League for Proper Disposal of the Dead


Homebrew and House Rules

The Exchange

All the recent gab about necromancy, graveyards and negative energy puts me in mind of a neat idea that I feel other GMs might want to drop into their campaigns.

In my campaign, it was called 'The Gray Order.' Wherever plague, or war, or famine or other mass-deaths occurred hooded gray figures would begin to appear. They'd walk through the charnel fields digging mass graves, delivering those merely near death to temples for healing, and performing memorials. The Gray Order were not a religion - most were clerics, but they came from most alignments. Their whole raison d'etre was to prevent the rise of undead - and dedicating your time to that purpose was the only real requirement for entry. Under whatever name, this Keep Them Dead Brotherhood can provide all sorts of neat campaign hooks. They can be a red herring when the PCs first encounter them - who are these ghouls? are they behind the famine/flood/etc.? - and they can later provide other adventure seeds. Middlemen for messages from beyond. Finders of heirlooms/treasure maps/a corpse bearing the Royal Birthmark. Not to mention the likelihood that local necromancers will start trying to pick them off, requiring the hiring of professionals in the art of violence.

Scarab Sages

Phenomenal idea. Good of you to share.


Now that you've had this idea, time to develop it. How do they know where to go? Do they all have some way to tell the dead from the dying (e.g. deathwatch)? Do they know special rituals (e.g. gentle repose, rest eternal)? This begs for more work :)
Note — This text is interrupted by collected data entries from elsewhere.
(* Let $n\geq 2$, and let $0<x_1<\cdots<x_n$ and $0<y_1<\cdots<y_n$ be real numbers. Let $S=[1+x_iy_j]_{i,j=1}^n$. For $2\leq i\leq n$ let \[ \alpha_i=\frac{1+y_1x_i}{1+y_1x_{i-1}},\qquad \alpha_i'=\frac{1+x_1y_i}{1+x_1y_{i-1}}, \] and for $3\leq j\leq n$ let \[ \beta_j=\frac{(x_j-x_{j-1})(1+y_1x_{j-2})}{(x_{j-1}-x_{j-2})(1+y_1x_{j-1})},\qquad \beta_j'=\frac{(y_j-y_{j-1})(1+x_1y_{j-2})}{(y_{j-1}-y_{j-2})(1+x_1y_{j-1})}. \] Let $D$ be the $n\times n$ diagonal matrix with $D_{11}=1+x_1y_1$, $D_{22}=\dfrac{(x_2-x_1)(y_2-y_1)}{1+x_1y_1}$, and $D_{kk}=0$ for $3\leq k\leq n$. Then \[ S=\big(L_n(\alpha_n)\cdots L_2(\alpha_2)\big)\big(L_n(\beta_n)\cdots L_3(\beta_3)\big)\,D\,\big(U_3(\beta_3')\cdots U_n(\beta_n')\big)\big(U_2(\alpha_2')\cdots U_n(\alpha_n')\big). \]
   Context: For a real number $s$ and $2\leq i\leq n$, $L_i(s)$ denotes the $n\times n$ matrix with all diagonal entries equal to $1$, $(i,i-1)$ entry equal to $s$, and all other entries zero; $U_i(s)$ denotes the $n\times n$ matrix with all diagonal entries equal to $1$, $(i-1,i)$ entry equal to $s$, and all other entries zero (elementary bidiagonal matrices). Empty products (e.g. when $n=2$) are the identity matrix. *)

(* Indices follow the paper (1-based) for the parameters
   L_i, U_i, x_i, y_i; matrix rows/columns are 'I_n (0-based). *)
From HB Require Import structures.
From mathcomp Require Import all_boot all_order all_algebra.
Set Implicit Arguments. Unset Strict Implicit. Unset Printing Implicit Defensive.
Import Order.TTheory GRing.Theory Num.Theory.
Local Open Scope ring_scope.

(* L_i(s): identity with entry s at paper position (i, i-1),
   i.e. 0-based row i-1, column i-2. *)
Definition Lmx (R : pzRingType) (n i : nat) (s : R) : 'M[R]_n :=
  \matrix_(a < n, b < n)
    ((a == b)%:R + (if ((a : nat) == i.-1) && ((b : nat) == i.-2) then s else 0)).

(* U_i(s): identity with entry s at paper position (i-1, i). *)
Definition Umx (R : pzRingType) (n i : nat) (s : R) : 'M[R]_n :=
  \matrix_(a < n, b < n)
    ((a == b)%:R + (if ((a : nat) == i.-2) && ((b : nat) == i.-1) then s else 0)).

Definition mxprod (R : pzRingType) (n : nat) (s : seq nat) (F : nat -> 'M[R]_n)
  : 'M[R]_n := \big[@mulmx R n n n/1%:M]_(i <- s) F i.

Definition Smx (R : pzRingType) (n : nat) (x y : nat -> R) : 'M[R]_n :=
  \matrix_(i < n, j < n) (1 + x i.+1 * y j.+1).

Definition alpha (R : fieldType) (x y : nat -> R) (i : nat) : R :=
  (1 + y 1%N * x i) / (1 + y 1%N * x i.-1).

Definition beta (R : fieldType) (x y : nat -> R) (j : nat) : R :=
  ((x j - x j.-1) * (1 + y 1%N * x j.-2)) /
  ((x j.-1 - x j.-2) * (1 + y 1%N * x j.-1)).

Definition Dmx (R : fieldType) (n : nat) (x y : nat -> R) : 'M[R]_n :=
  \matrix_(a < n, b < n)
    (if a == b then
       (if (a : nat) == 0%N then 1 + x 1%N * y 1%N
        else if (a : nat) == 1%N then
          (x 2%N - x 1%N) * (y 2%N - y 1%N) / (1 + x 1%N * y 1%N)
        else 0)
     else 0).

From mathcomp Require Import all_boot all_order all_algebra.
From mathcomp Require Import ring zify.
Set Implicit Arguments. Unset Strict Implicit. Unset Printing Implicit Defensive.
Import Order.TTheory GRing.Theory Num.Theory.
Local Open Scope ring_scope.

(* The matrix S = 1 1^T + x y^T has rank two, and so does the right-hand side: D kills
   all but the first two columns of the lower factor L and the first two rows of the
   upper factor, which is the transpose of L with x and y swapped.  Since L_i(s) adds
   s times entry i-1 of a column vector to entry i, the columns of a product of such
   matrices solve a first-order recurrence; solving it shows that the first two
   columns of L are ((1 + y1 x_a) / (1 + y1 x1))_a and ((x_a - x1) / (x2 - x1))_a.
   What remains is the identity
     (1 + y1 x_i)(1 + x1 y_j) + (x_i - x1)(y_j - y1) = (1 + x1 y1)(1 + x_i y_j). *)

Local Notation ord_1 := (lift ord0 ord0).

Lemma mulmx_delta_col (R : pzRingType) m n (M : 'M[R]_(m, n)) a j :
  M a j = (M *m delta_mx j (0 : 'I_1)) a 0.
Proof. by rewrite -colE mxE. Qed.

Section BidiagonalProducts.
Variables (R : pzRingType) (n : nat).
Implicit Types (c : nat -> R) (w : 'cV[R]_n).

Lemma mxprod_nil (F : nat -> 'M[R]_n) : mxprod [::] F = 1%:M.
Proof. by rewrite /mxprod big_nil. Qed.

Lemma mxprod_cons i s (F : nat -> 'M[R]_n) : mxprod (i :: s) F = F i *m mxprod s F.
Proof. by rewrite /mxprod big_cons. Qed.

Lemma mxprod_cat s t (F : nat -> 'M[R]_n) : mxprod (s ++ t) F = mxprod s F *m mxprod t F.
Proof.
elim: s => [|i s IHs] /=; first by rewrite mxprod_nil mul1mx.
by rewrite !mxprod_cons IHs mulmxA.
Qed.

Lemma mulLmx_entry_other i s w (a : 'I_n) :
  (a : nat) != i.-1 -> (Lmx n i s *m w) a 0 = w a 0.
Proof.
move=> /negbTE a_neq; rewrite mxE (bigD1 a) //= big1 => [|b /negbTE b_neq].
  by rewrite !mxE eqxx a_neq /= !addr0 mul1r.
by rewrite !mxE a_neq eq_sym b_neq addr0 mul0r.
Qed.

Lemma mulLmx_entry_step s w (a b : 'I_n) :
  a = b.+1 :> nat -> (Lmx n b.+2 s *m w) a 0 = w a 0 + s * w b 0.
Proof.
move=> a_eq; have ab : a != b by apply/eqP => /(congr1 val) /=; lia.
rewrite mxE (bigD1 a) // (bigD1 b) /=; last by rewrite eq_sym.
rewrite big1 => [|j /andP [ja jb]].
  rewrite !mxE !eqxx a_eq eqxx (negbTE ab) (gtn_eqF (ltnSn b)) /=.
  by rewrite add0r !addr0 mul1r.
by rewrite !mxE [a == j]eq_sym (negbTE ja) a_eq eqxx /= val_eqE (negbTE jb) addr0 mul0r.
Qed.

Definition Lprod k m c : 'M[R]_n := mxprod (rev (iota k m)) (fun i => Lmx n i (c i)).

Lemma Lprod_rcons k m c : Lprod k m.+1 c = Lmx n (k + m) (c (k + m)) *m Lprod k m c.
Proof. by rewrite /Lprod -addn1 iotaD rev_cat /= mxprod_cons. Qed.

Lemma mulLprod_entry_fixed k m c w (a : 'I_n) :
  ~~ (k.+1 <= a < k.+1 + m)%N -> (Lprod k.+2 m c *m w) a 0 = w a 0.
Proof.
elim: m => [|m IHm] a_out; first by rewrite /Lprod mxprod_nil mul1mx.
rewrite Lprod_rcons -mulmxA mulLmx_entry_other; last by rewrite addSn /=; lia.
by apply: IHm; lia.
Qed.

Lemma mulLprod_entry_step k m c w (a b : 'I_n) :
  a = b.+1 :> nat -> (k.+1 <= a < k.+1 + m)%N ->
  (Lprod k.+2 m c *m w) a 0 = w a 0 + c a.+1 * (Lprod k.+2 m c *m w) b 0.
Proof.
move=> a_eq; elim: m => [|m IHm] a_in; first lia.
rewrite Lprod_rcons -!mulmxA [in RHS]mulLmx_entry_other; last by rewrite addSn /=; lia.
have [a_last | a_prev] := eqVneq (a : nat) (k.+1 + m).
  have -> : (k.+2 + m)%N = b.+2 by lia.
  rewrite mulLmx_entry_step // mulLprod_entry_fixed ?a_last //; lia.
by rewrite mulLmx_entry_other ?addSn //; apply: IHm; lia.
Qed.

Lemma mulLprod_entry_solution k m c w (f : nat -> R) :
  (n <= k.+1 + m)%N ->
  (forall a : 'I_n, (a <= k)%N -> f a = w a 0) ->
  (forall a : 'I_n, (k < a)%N -> f a = w a 0 + c a.+1 * f a.-1) ->
  forall a : 'I_n, (Lprod k.+2 m c *m w) a 0 = f a.
Proof.
move=> n_le f_init f_step [a a_lt]; elim: a a_lt => [|a IHa] a_lt.
  by rewrite mulLprod_entry_fixed ?(f_init (Ordinal a_lt)).
have [a_le | k_lt] := leqP a.+1 k.
  by rewrite mulLprod_entry_fixed ?(f_init (Ordinal a_lt)) //=; lia.
rewrite (@mulLprod_entry_step _ _ _ _ (Ordinal a_lt) (Ordinal (ltnW a_lt))) //=; last lia.
by rewrite IHa (f_step (Ordinal a_lt)).
Qed.

End BidiagonalProducts.

Lemma trmx_Umx (R : pzRingType) n i (s : R) : (Umx n i s)^T = Lmx n i s.
Proof. by apply/matrixP => a b; rewrite !mxE [b == a]eq_sym andbC. Qed.

Lemma trmx_mxprod (R : comPzRingType) n s (F : nat -> 'M[R]_n) :
  (mxprod s F)^T = mxprod (rev s) (fun i => (F i)^T).
Proof.
elim: s => [|i s IHs] /=; first by rewrite !mxprod_nil trmx1.
rewrite mxprod_cons trmx_mul IHs rev_cons -cats1 mxprod_cat.
by rewrite [in RHS]mxprod_cons mxprod_nil mulmx1.
Qed.

Lemma trmx_Uprod (R : comPzRingType) n s (c : nat -> R) :
  (mxprod s (fun i => Umx n i (c i)))^T = mxprod (rev s) (fun i => Lmx n i (c i)).
Proof. by rewrite trmx_mxprod /mxprod; apply: eq_bigr => i _; rewrite trmx_Umx. Qed.

Definition Lfactor (R : fieldType) n (x y : nat -> R) : 'M[R]_n :=
  Lprod n 2 n.-1 (alpha x y) *m Lprod n 3 n.-2 (beta x y).

Lemma Ufactor_trmx (R : fieldType) n (x y : nat -> R) :
  mxprod (iota 3 n.-2) (fun j => Umx n j (beta y x j)) *m
  mxprod (iota 2 n.-1) (fun i => Umx n i (alpha y x i)) = (Lfactor n y x)^T.
Proof. by rewrite -[LHS]trmxK trmx_mul !trmx_Uprod. Qed.

Section LfactorColumns.
Variables (R : fieldType) (n : nat) (x y : nat -> R).
Hypothesis denom_neq0 : forall i, (1 <= i <= n.+2)%N -> 1 + y 1 * x i != 0.
Hypothesis gap_neq0 : forall i, (2 <= i <= n.+2)%N -> x i - x i.-1 != 0.

Lemma Lfactor_col0 (a : 'I_n.+2) :
  Lfactor n.+2 x y a ord0 = (1 + y 1 * x a.+1) / (1 + y 1 * x 1).
Proof.
rewrite mulmx_delta_col -mulmxA /Lfactor /=.
have beta_e0 : forall b : 'I_n.+2,
    (Lprod n.+2 3 n (beta x y) *m delta_mx ord0 (0 : 'I_1)) b 0 = ((b : nat) == 0)%:R.
  apply: (mulLprod_entry_solution (k := 1) (f := fun b => (b == 0)%:R))
    => //= [b _|[[|[|b]] b_lt] //= _].
    by rewrite mxE andbT.
  by rewrite mxE mulr0 addr0.
apply: (mulLprod_entry_solution (k := 0) (f := fun b => (1 + y 1 * x b.+1) / (1 + y 1 * x 1)))
  => //= [[[|b] b_lt] //= _|[[|b] b_lt] //= _].
  by rewrite beta_e0 divff // denom_neq0.
rewrite beta_e0 add0r /alpha /=.
by field; rewrite !denom_neq0 //; lia.
Qed.

Lemma Lfactor_col1 (a : 'I_n.+2) :
  Lfactor n.+2 x y a ord_1 = (x a.+1 - x 1) / (x 2 - x 1).
Proof.
rewrite mulmx_delta_col -mulmxA /Lfactor /=.
pose g (b : nat) := if b == 0 then 0 else
  (x b.+1 - x b) * (1 + y 1 * x 1) / ((x 2 - x 1) * (1 + y 1 * x b)).
have beta_e1 : forall b : 'I_n.+2,
    (Lprod n.+2 3 n (beta x y) *m delta_mx ord_1 (0 : 'I_1)) b 0 = g b.
  apply: (mulLprod_entry_solution (k := 1) (f := g))
    => //= [[[|[|b]] b_lt] //= _|[[|[|b]] b_lt] //= _]; rewrite mxE /g //=.
    by field; rewrite denom_neq0 // (@gap_neq0 2).
  rewrite add0r /beta /=.
  by field; rewrite !denom_neq0 ?(@gap_neq0 2) ?(@gap_neq0 b.+2) //=; lia.
apply: (mulLprod_entry_solution (k := 0) (f := fun b => (x b.+1 - x 1) / (x 2 - x 1)))
  => //= [[[|b] b_lt] //= _|[[|b] b_lt] //= _].
  by rewrite beta_e1 /g subrr mul0r.
rewrite beta_e1 /g /alpha /=.
by field; rewrite !denom_neq0 ?(@gap_neq0 2) //=; lia.
Qed.

End LfactorColumns.

Lemma mulmx_Dmx_entry (R : fieldType) n (x y : nat -> R) (A : 'M[R]_n) i k :
  (A *m Dmx n x y) i k = A i k * Dmx n x y k k.
Proof.
rewrite mxE (bigD1 k) //= big1 ?addr0 // => l /negbTE l_neq.
by rewrite [Dmx _ _ _ l k]mxE l_neq mulr0.
Qed.

Lemma mulmx_Dmx_trmx_entry (R : fieldType) n (x y : nat -> R) (A B : 'M[R]_n.+2) i j :
  (A *m Dmx n.+2 x y *m B^T) i j =
    A i ord0 * (1 + x 1 * y 1) * B j ord0 +
    A i ord_1 * ((x 2 - x 1) * (y 2 - y 1) / (1 + x 1 * y 1)) * B j ord_1.
Proof.
rewrite mxE (bigD1 ord0) // (bigD1 ord_1) // big1 => [|k /andP [/andP [_ k0] k1]].
  by rewrite /= addr0 !mulmx_Dmx_entry !mxE.
have /negbTE k_neq0 : (k : nat) != 0 by [].
have /negbTE k_neq1 : (k : nat) != 1 by [].
by rewrite mulmx_Dmx_entry [Dmx _ _ _ k k]mxE eqxx k_neq0 k_neq1 mulr0 mul0r.
Qed.

Lemma incr_gt0 (R : realFieldType) n (z : nat -> R) :
  0 < z 1 -> (forall i, (1 <= i)%N -> (i < n)%N -> z i < z i.+1) ->
  forall i, (1 <= i <= n)%N -> 0 < z i.
Proof.
move=> z1_gt0 z_incr; elim=> [|[|i] IHi] //= i_in.
by apply: lt_trans (IHi _) (z_incr _ _ _); lia.
Qed.

Lemma incr_subr_neq0 (R : realFieldType) n (z : nat -> R) :
  (forall i, (1 <= i)%N -> (i < n)%N -> z i < z i.+1) ->
  forall i, (2 <= i <= n)%N -> z i - z i.-1 != 0.
Proof. by move=> z_incr [|[|i]] //= i_in; rewrite subr_eq0 gt_eqF // z_incr //; lia. Qed.

Lemma incr_denom_neq0 (R : realFieldType) n (u v : nat -> R) :
  0 < u 1 -> 0 < v 1 -> (forall i, (1 <= i)%N -> (i < n)%N -> u i < u i.+1) ->
  forall i, (1 <= i <= n)%N -> 1 + v 1 * u i != 0.
Proof.
move=> u1_gt0 v1_gt0 u_incr i i_in.
by rewrite lt0r_neq0 // addr_gt0 // mulr_gt0 // (incr_gt0 u1_gt0 u_incr).
Qed.

Theorem theorem2p2 (R : realFieldType) (n : nat) (x y : nat -> R) :
  (2 <= n)%N ->
  0 < x 1%N -> (forall i : nat, (1 <= i)%N -> (i < n)%N -> x i < x i.+1) ->
  0 < y 1%N -> (forall i : nat, (1 <= i)%N -> (i < n)%N -> y i < y i.+1) ->
  Smx n x y =
    mxprod (rev (iota 2 n.-1)) (fun i => Lmx n i (alpha x y i)) *m
    mxprod (rev (iota 3 n.-2)) (fun j => Lmx n j (beta x y j)) *m
    Dmx n x y *m
    mxprod (iota 3 n.-2) (fun j => Umx n j (beta y x j)) *m
    mxprod (iota 2 n.-1) (fun i => Umx n i (alpha y x i)).
Proof.
move=> n_ge2 x1_gt0 x_incr y1_gt0 y_incr.
rewrite -mulmxA Ufactor_trmx.
change (Smx n x y = Lfactor n x y *m Dmx n x y *m (Lfactor n y x)^T).
case: n n_ge2 x_incr y_incr => [|[|n]] // _ x_incr y_incr.
have x_denom := incr_denom_neq0 x1_gt0 y1_gt0 x_incr.
have y_denom := incr_denom_neq0 y1_gt0 x1_gt0 y_incr.
have x_gap := incr_subr_neq0 x_incr.
have y_gap := incr_subr_neq0 y_incr.
apply/matrixP => i j.
rewrite mulmx_Dmx_trmx_entry !Lfactor_col0 // !Lfactor_col1 // mxE /=.
by field; rewrite mulrC (x_denom 1) ?(x_gap 2) ?(y_gap 2).
Qed.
I like the idea described above, though I'm not really that for the mysterious organization that always seem to appear when needed bit. For me they would need to be much more human, and make the occasional mistake. A good plot to try out would be what happens when someone poses as them to acquire what has now become a very hard to acquire resource. Or better yet, when a few members of this group decide to turn traitor for whatever reason, and begin using their knowledge of necromancy and superior access to corpses to build up an army of undead.

The Exchange

or a seldom talked about rogue element in the organization that wants to ensure that people STAY DEAD.

Ever had a raise dead? you're on their hit list.

plan to be raise dead? how come these guys keep loosing your body? what do you mean we can't find it! we need it before the week is up to raise him!

he-he! lots of story line here...

The Exchange

Mass Graves are more likely than funeral Pyres. Firewood is expensive.

The Exchange

Lathiira: I agree that the idea needs specifics. I know the specifics I gave it for my campaign, but this is the sort of thing every GM would want to fine-tune for his/her own purposes. Yes?

Fraust: Maybe I made them sound more cryptic than they are. In my campaign it was a loose confederation, sometimes of beings that would ordinarily have been mortal enemies. A more organized, supernatural version is just as valid. Maybe they're angels. Maybe they're Denizens of Leng. Whatever's best for your game.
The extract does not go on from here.